For his or her method, they select a subset of tasks and train one algorithm for every task independently. Importantly, they strategically select individual tasks that are most probably to enhance the algorithm’s overall performance on all tasks.
They leverage a standard trick from the reinforcement learning field called zero-shot transfer learning, through which an already trained model is applied to a brand new task without being further trained. With transfer learning, the model often performs remarkably well on the brand new neighbor task.
“We understand it could be ideal to coach on all of the tasks, but we wondered if we could get away with training on a subset of those tasks, apply the result to all of the tasks, and still see a performance increase,” Wu says.
To discover which tasks they need to select to maximise expected performance, the researchers developed an algorithm called Model-Based Transfer Learning (MBTL).
The MBTL algorithm has two pieces. For one, it models how well each algorithm would perform if it were trained independently on one task. Then it models how much each algorithm’s performance would degrade if it were transferred to one another task, an idea referred to as generalization performance.
Explicitly modeling generalization performance allows MBTL to estimate the worth of coaching on a brand new task.
MBTL does this sequentially, selecting the duty which ends up in the best performance gain first, then choosing additional tasks that provide the most important subsequent marginal improvements to overall performance.
Since MBTL only focuses on essentially the most promising tasks, it will possibly dramatically improve the efficiency of the training process.
Reducing training costs
When the researchers tested this method on simulated tasks, including controlling traffic signals, managing real-time speed advisories, and executing several classic control tasks, it was five to 50 times more efficient than other methods.
This implies they might arrive at the identical solution by training on far less data.

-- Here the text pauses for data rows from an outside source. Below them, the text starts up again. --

(* Let $\Phi=(G,\varphi)$ be a $\mathbb{T}$-gain graph on a connected graph $G$ with maximum vertex degree $\Delta$. Then $\rho(A(\Phi))=\Delta$ if and only if $G$ is $\Delta$-regular and either $\Phi$ or $-\Phi$ is balanced.
   Context: Graphs are finite, simple and undirected. $\mathbb{T}=\{z\in\mathbb{C}:|z|=1\}$. A $\mathbb{T}$-gain on $G$ is a map $\varphi$ from oriented edges to $\mathbb{T}$ with $\varphi(\overrightarrow{e_{ts}})=\varphi(\overrightarrow{e_{st}})^{-1}$; $A(\Phi)$ is the Hermitian matrix with $(s,t)$ entry $\varphi(\overrightarrow{e_{st}})$ if $v_s\sim v_t$, else $0$; $\rho$ is the spectral radius. $-\Phi$ denotes the gain graph $(G,-\varphi)$. The gain of a directed cycle is the product of the gains of its oriented edges; $\Phi$ is balanced if every directed cycle has gain $1$. *)

From HB Require Import structures.
From mathcomp Require Import all_boot all_order all_algebra.
Set Implicit Arguments. Unset Strict Implicit. Unset Printing Implicit Defensive.
Import Order.TTheory GRing.Theory Num.Theory.
Local Open Scope ring_scope.

Definition simple_graph (n : nat) (e : rel 'I_n) : Prop :=
  (forall i j, e i j = e j i) /\ (forall i, ~~ e i i).

Definition connected_graph (n : nat) (e : rel 'I_n) : Prop :=
  (0 < n)%N /\ forall i j, connect e i j.

Definition deg (n : nat) (e : rel 'I_n) (i : 'I_n) : nat := #|[pred j | e i j]|.

Definition max_deg (n : nat) (e : rel 'I_n) : nat := (\max_(i < n) deg e i)%N.

Definition regular (n : nat) (e : rel 'I_n) (k : nat) : Prop :=
  forall i, deg e i = k.

(* phi i j = gain of the oriented edge from v_i to v_j (only relevant on edges). *)
Definition T_gain (C : numClosedFieldType) (n : nat) (e : rel 'I_n)
  (phi : 'I_n -> 'I_n -> C) : Prop :=
  forall i j, e i j -> `|phi i j| = 1 /\ phi j i = (phi i j)^-1.

Definition gain_adj (C : numClosedFieldType) (n : nat) (e : rel 'I_n)
  (phi : 'I_n -> 'I_n -> C) : 'M[C]_n :=
  \matrix_(i, j) (if e i j then phi i j else 0).

Definition directed_cycle (n : nat) (e : rel 'I_n) (c : seq 'I_n) : bool :=
  [&& (2 < size c)%N, uniq c & cycle e c].

Definition cycle_gain (C : numClosedFieldType) (n : nat)
  (phi : 'I_n -> 'I_n -> C) (c : seq 'I_n) : C :=
  \prod_(p <- zip c (rot 1 c)) phi p.1 p.2.

Definition balanced (C : numClosedFieldType) (n : nat) (e : rel 'I_n)
  (phi : 'I_n -> 'I_n -> C) : Prop :=
  forall c, directed_cycle e c -> cycle_gain phi c = 1.

Definition spectral_radius_is (C : numClosedFieldType) (n : nat)
  (A : 'M[C]_n) (r : C) : Prop :=
  (exists2 l, eigenvalue A l & `|l| = r) /\
  (forall l, eigenvalue A l -> `|l| <= r).

From HB Require Import structures.
From mathcomp Require Import all_boot all_order all_algebra.
From mathcomp Require Import ring.
Set Implicit Arguments. Unset Strict Implicit. Unset Printing Implicit Defensive.
Import Order.TTheory GRing.Theory Num.Theory.
Local Open Scope ring_scope.

(* Let v A = l v with |l| = D, the maximum degree.  At an entry of v of maximal
   modulus M, the triangle inequality |l v_j| <= sum_(i ~ j) |v_i| <= deg j * M
   must be tight: deg j = D, |v_i| = M and v_i phi_ij = (l / D) v_j for every
   neighbour i.  By connectivity this holds at every vertex and on every edge.
   Reading the relation on both orientations of an edge gives s := l / D = +-1,
   and then s phi_ij = v_j / v_i, so the gain s phi is a switching of the
   trivial gain, hence balanced.  Conversely, a balanced gain on a connected
   graph is of the form f_j / f_i (grow f over a connected vertex set; balance
   of the cycle closed by each new edge makes the extension consistent), and
   then f is an eigenvector of a D-regular graph for the eigenvalue +-D. *)

Section PathGain.
Variables (T : Type) (F : fieldType).
Implicit Types (r : rel T) (psi : T -> T -> F) (f : T -> F) (x y : T) (s : seq T).

Fixpoint path_gain psi x s : F :=
  if s is y :: s' then psi x y * path_gain psi y s' else 1.

Lemma path_gain_rcons psi x s y :
  path_gain psi x (rcons s y) = path_gain psi x s * psi (last x s) y.
Proof. by elim: s x => [|z s IH] x /=; rewrite ?mulr1 ?mul1r // IH mulrA. Qed.

Lemma big_zip_path_gain psi x s y :
  \prod_(p <- zip (x :: s) (rcons s y)) psi p.1 p.2 = path_gain psi x (rcons s y).
Proof. by elim: s x => [|z s IH] x /=; rewrite big_cons ?big_nil ?IH. Qed.

(* [f] switches [psi] to the trivial gain along the edges of [r]. *)
Definition potential r psi f : Prop :=
  (forall a, f a != 0) /\ (forall a b, r a b -> psi a b = f b / f a).

Lemma path_gain_potential r psi f x s :
  potential r psi f -> path r x s -> path_gain psi x s = f (last x s) / f x.
Proof.
case=> fnz hf; elim: s x => [|y s IH] x /=; first by rewrite divff.
by case/andP=> rxy /IH ->; rewrite hf // mulrC mulrA mulfVK.
Qed.

End PathGain.

Lemma connect_exit_edge (T : finType) (e : rel T) (S : {pred T}) x y :
  connect e x y -> x \in S -> y \notin S ->
  exists i j, [/\ i \in S, j \notin S & e i j].
Proof.
move=> /connectP[p + ->]; elim: p x => [|z p IH] x /=; first by move=> _ ->.
case/andP=> exz pz xS; case zS: (z \in S); first exact: IH.
by move=> _; exists x, z; rewrite zS.
Qed.

Lemma exists_real_argmax (I : finType) (R : numDomainType) (F : I -> R) (i0 : I) :
  (forall i, F i \is Num.real) -> exists j, forall i, F i <= F j.
Proof.
move=> F_real; suff [j Fj] : exists j, forall i, i \in enum I -> F i <= F j.
  by exists j => i; apply/Fj; rewrite mem_enum.
elim: (enum I) => [|a s [j Fj]]; first by exists i0.
have [Faj | Fja] := real_leP (F_real a) (F_real j).
  by exists j => i /predU1P[-> | /Fj].
exists a => i /predU1P[-> // | /Fj Fij]; exact/(le_trans Fij)/ltW.
Qed.

Lemma norm_sum_le_card (I : finType) (R : numDomainType) (P : pred I) (F : I -> R) M :
  (forall i, P i -> `|F i| <= M) -> `|\sum_(i | P i) F i| <= #|P|%:R * M.
Proof.
move=> le_FM; apply: le_trans (ler_norm_sum _ _ _) _.
by rewrite mulr_natl -sumr_const; apply: ler_sum.
Qed.

Lemma norm_sum_eq_card (C : numClosedFieldType) (I : finType) (P : pred I)
    (F : I -> C) M :
  (forall i, P i -> `|F i| <= M) -> `|\sum_(i | P i) F i| = #|P|%:R * M ->
  forall i, P i -> F i *+ #|P| = \sum_(i | P i) F i.
Proof.
move=> le_FM eq_sum i Pi; set S := \sum_(i | P i) F i in eq_sum *.
have P_gt0 : (0 < #|P|)%N by apply/card_gt0P; exists i.
have [S0 | S_neq0] := eqVneq S 0.
  have : #|P|%:R * M == 0 by rewrite -eq_sum S0 normr0.
  rewrite mulf_eq0 pnatr_eq0 eqn0Ngt P_gt0 /= => /eqP M0.
  by have := le_FM i Pi; rewrite M0 normr_le0 S0 => /eqP->; rewrite mul0rn.
(* dividing by the phase t of the sum makes every term real and equal to M *)
pose t := S / `|S|.
have t_neq0 : t != 0 by rewrite mulf_neq0 ?invr_eq0 ?normr_eq0.
have Ft k : P k -> F k / t = M.
  move: k; apply: (normC_sum_upper (G := fun=> M)) => [k Pk | ].
    by rewrite normf_div /t normf_div normr_id divff ?normr_eq0 // divr1 le_FM.
  rewrite -mulr_suml -/S /t invf_div mulrCA divff // mulr1 eq_sum.
  by rewrite sumr_const mulr_natl.
rewrite -[F i](divfK t_neq0) Ft // -mulrnAl -mulr_natl -eq_sum /t mulrCA.
by rewrite divff ?normr_eq0 ?mulr1.
Qed.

For example, with a 50x efficiency boost, the MBTL algorithm could train on just two tasks and achieve the identical performance as a typical method which uses data from 100 tasks.
“From the attitude of the 2 foremost approaches, which means data from the opposite 98 tasks was not needed or that training on all 100 tasks is confusing to the algorithm, so the performance finally ends up worse than ours,” Wu says.
With MBTL, adding even a small amount of additional training time could lead on to significantly better performance.
In the longer term, the researchers plan to design MBTL algorithms that may extend to more complex problems, corresponding to high-dimensional task spaces. Also they are occupied with applying their approach to real-world problems, especially in next-generation mobility systems.
The research is funded, partly, by a National Science Foundation CAREER Award, the Kwanjeong Educational Foundation PhD Scholarship Program, and an Amazon Robotics PhD Fellowship.